Mission: Launch Copa Connect
Unfortunately, this approach takes time, since each new farm plot requires the consent of everyone in the community. Relying on this system alone, it would take many years of dialogue and hefty capital investment to replace all imported rice with domestic rice—an important step toward food security.
For this reason, GADCO is also working to integrate rice smallholders into its value chain as producers while helping them realize their own production potential. In this way, GADCO hopes not only to accelerate the pace of expansion of its rice production but also to pursue its core mission of breaking the cycle of rural poverty. GADCO’s hybrid business model, connecting its large-scale nucleus farm operations with smallholder producers, promises to transform Ghana’s economy and society.
As an Acumen Global Fellow, I was sent to Ghana to launch the Copa Connect smallholder program—named for GADCO’s own rice brand, Copa, and the concept of connecting rice smallholders with the end-consumer market.

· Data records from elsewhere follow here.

Lemma gumbel_density_not_Sbar_le (m0 s0 eps x : R) :
  0 < s0 -> 0 < eps -> eps <= 1 -> ~ Sbar 0 m0 s0 eps x ->
  gev_density 0 m0 s0 x <=
  4 / s0 * expR ((`|m0| + 2) / (2 * s0)) * expR (- (2 * eps)^-1)
    * expR (- (`|x| / (2 * s0))).
Proof.
move=> s0p e0 e1 nS.
have hp := not_Sbar_margin e0 e1 nS.
rewrite normr0 mul0r !addr0 in hp.
rewrite gev_density_gumbelE //; set z := (x - m0) / s0.
apply: le_trans (ler_wpM2l _ (gumbel_kernel_le z)) _; first by rewrite invr_ge0 ltW.
have key : - `|z| <= (`|m0| + 2) / (2 * s0) - (2 * eps)^-1 - `|x| / (2 * s0).
  have hz : `|z| = `|x - m0| / s0 by rewrite /z normrM normfV (gtr0_norm s0p).
  have tri : `|x| <= `|x - m0| + `|m0|.
    by have := ler_normD (x - m0) m0; rewrite subrK.
  have q : s0 / eps <= 2 + `|x - m0| by rewrite ler_pdivrMr // mulrC.
  have -> : (2 * eps)^-1 = s0 / eps / (2 * s0) by field; rewrite !gt_eqF.
  rewrite hz; move: (s0 / eps) q => Q q.
  have E : (`|m0| + 2) / (2 * s0) - Q / (2 * s0) - `|x| / (2 * s0) + `|x - m0| / s0
           = (`|m0| + 2 - Q - `|x| + 2 * `|x - m0|) / (2 * s0).
    by field; rewrite gt_eqF.
  have : 0 <= (`|m0| + 2 - Q - `|x| + 2 * `|x - m0|) / (2 * s0).
    by apply: divr_ge0; lra.
  lra.
rewrite -ler_expR !expRD in key.
rewrite mulrA [s0^-1 * 4]mulrC -!mulrA.
do 2 (apply: ler_wpM2l; first by rewrite ?invr_ge0 ltW).
by rewrite mulrA.
Qed.

Lemma gev_prob_not_Sbar_eq0 (m0 s0 : R) : 0 < s0 ->
  forall eta : R, 0 < eta -> exists delta : R, 0 < delta /\
    forall eps : R, 0 < eps -> eps < delta ->
      (gev_prob 0 m0 s0 (~` Sbar 0 m0 s0 eps) <= (eta * eps ^+ 2)%:E)%E.
Proof.
move=> s0p.
pose G := expR ((`|m0| + 2) / (2 * s0)).
have G0 : 0 < G by exact: expR_gt0.
apply: (littleo_sq_of_powR
  (P := fun eps => gev_prob 0 m0 s0 (~` Sbar 0 m0 s0 eps))
  (eps0 := 1) (D := 16 * G * 216) (p := 1)).
- exact: ltr01.
- by rewrite !mulr_gt0 // ltr0n.
- exact: ltr01.
move=> eps e0 e1.
pose A := 4 / s0 * G * expR (- (2 * eps)^-1).
have A0 : 0 <= A by apply/ltW; rewrite /A !mulr_gt0 ?invr_gt0 ?expR_gt0.
apply: le_trans (gev_prob_le_integral (eps := eps)
  (H := fun x => (A * expR (- (`|x| / (2 * s0))))%:E) s0p _ _) _.
- by move=> x; rewrite lee_fin mulr_ge0 // ltW // expR_gt0.
- move=> x nS; rewrite lee_fin.
  exact: gumbel_density_not_Sbar_le s0p e0 (ltW e1) nS.
apply: le_trans (integral_laplace_le (c := 2 * s0) _ A0) _; first by rewrite mulr_gt0.
rewrite lee_fin powRr1; last exact: ltW.
have ht : expR (- (2 * eps)^-1) <= 216 * eps ^+ 3.
  have := @expRN_le_cube R (2 * eps)^-1 ltac:(by rewrite invr_gt0 mulr_gt0).
  rewrite exprVn invrK exprMn.
  have -> : (2 : R) ^+ 3 = 8 by rewrite -natrX.
  lra.
have -> : 2 * (A * (2 * s0)) = 16 * G * expR (- (2 * eps)^-1).
  by rewrite /A; field; rewrite gt_eqF.
have -> : 16 * G * 216 * eps * eps ^+ 2 = 16 * G * (216 * eps ^+ 3) by ring.
by apply: ler_wpM2l; rewrite // mulr_ge0 // ltW.
Qed.
Lemma caseII k : large true (big k) -> large false (big (~~ k)) -> two_path_partition c.
Proof.
move=> lA lB.
apply: (@two_paths_of_links c k (~~ k) [::] (fun v => vtx v /\ big k v)
  (fun v => vtx v /\ big (~~ k) v) (fun x => side true x /\ big k x)
  (fun x => side false x /\ big (~~ k) x)).
- by [].
- by move=> v vv; case: (big_or k v) => vk; [apply: Or32|apply: Or33].
- by move=> v [[vv _]|[vv _]].
- move=> X e v [ep ek] [vv vk] vX; have [s ls] := link_big lA ep ek vv vk vX.
  by exists s; apply: link_spec_sub ls => x xv; case: (big_or k x); [left|right].
- by move=> X v _; have [e [ep ek eX]] := large_fresh X lA; exists e; split=> //; left; case: ep.
- move=> X e v [ep ek] [vv vk] vX; have [s ls] := link_big lB ep ek vv vk vX.
  by exists s; apply: link_spec_sub ls => x xv; case: (big_or k x); [left|right].
- by move=> X v _; have [e [ep ek eX]] := large_fresh X lB; exists e; split=> //; right; case: ep.
Qed.

Section CaseI.
Variable k : bool.
Hypotheses (bigA : large true (big k)) (bigB : large false (big k)).

Lemma big_large q : large q (big k).
Proof. by case: q. Qed.

Definition good_nbr v u := [/\ c v u = k, big k u & side (~~ odd v) u].

Definition path1_end x := side true x /\ big k x.
Definition path1_vtx v x := x = v \/ (vtx x /\ big k x).

(* v odd: the detour e-b-a-b1-v-b2-a' through good neighbours b1, b2 of v, with b, a, a'
   k-big vertices chosen as common k-neighbours. *)
Lemma link_good_odd (X : seq nat) e v : path1_end e -> vtx v -> odd v ->
  Inf (good_nbr v) -> v \notin X -> exists s, link_spec c k (path1_vtx v) path1_end X e v s.
Proof.
move=> [[e0 ep] ek] v0 vp infv vX.
have ek' : large false (fun u => c e u = k) by rewrite /big ep in ek.
have [b1 [[b1v b1k [b10 b1p]] b1X]] := infv (v :: X).
have [b2 [[b2v b2k [b20 b2p]] b2X]] := infv (b1 :: v :: X).
rewrite vp /= in b1p b2p.
have [b [[b0 bp] [be bk] bX]] := large_fresh (b2 :: b1 :: v :: X) (largeI ek' bigB).
have bk' : large true (fun u => c b u = k) by rewrite /big bp in bk.
have b1k' : large true (fun u => c b1 u = k) by rewrite /big b1p in b1k.
have b2k' : large true (fun u => c b2 u = k) by rewrite /big b2p in b2k.
have [a [[a0 ap] [[ab ab1] ak] aX]] :=
  large_fresh (b :: b2 :: b1 :: v :: X) (largeI (largeI bk' b1k') bigA).
have [a' [[a'0 a'p] [a'b2 a'k] a'X]] :=
  large_fresh (a :: b :: b2 :: b1 :: v :: X) (largeI b2k' bigA).
exists [:: b; a; b1; v; b2; a']; split.
- by split_fresh; solve_uniq.
- split_fresh; do 3 (apply: forall_cons; first by split=> //; right).
  apply: forall_cons; first by split=> //; left.
  by do 2 (apply: forall_cons; first by split=> //; right).
- by rewrite !inE eqxx !orbT.
- have ab1' : c a b1 = k by rewrite hc.
  have b1v' : c b1 v = k by rewrite hc.
  rewrite /= (erelE (odd_neq ep bp) be) (erelE (odd_neqN (p := true) bp ap) ab).
  rewrite (erelE (odd_neq ap b1p) ab1') (erelE (odd_neqN (p := true) b1p vp) b1v').
  by rewrite (erelE (odd_neq vp b2p) b2v) (erelE (odd_neqN (p := true) b2p a'p) a'b2).
- by [].
Qed.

The project’s goals are ambitious: design a business model, define an operating blueprint, develop partnerships required for implementation, secure all resources needed for actual operations, and, finally, begin work on the introduction of smallholder-centric technologies with the goal of signing on 1,000 smallholders by the end of 2013 and eight times that number within the next five years.
It’s an opportunity of a lifetime, but I wonder how much I can contribute to such an enterprise. True, I have a longstanding interest in rice, but I have never launched a business, and my knowledge of agribusiness, rice production, and Ghanaian farmers is minimal. Something tells me this is going to be a long, long journey.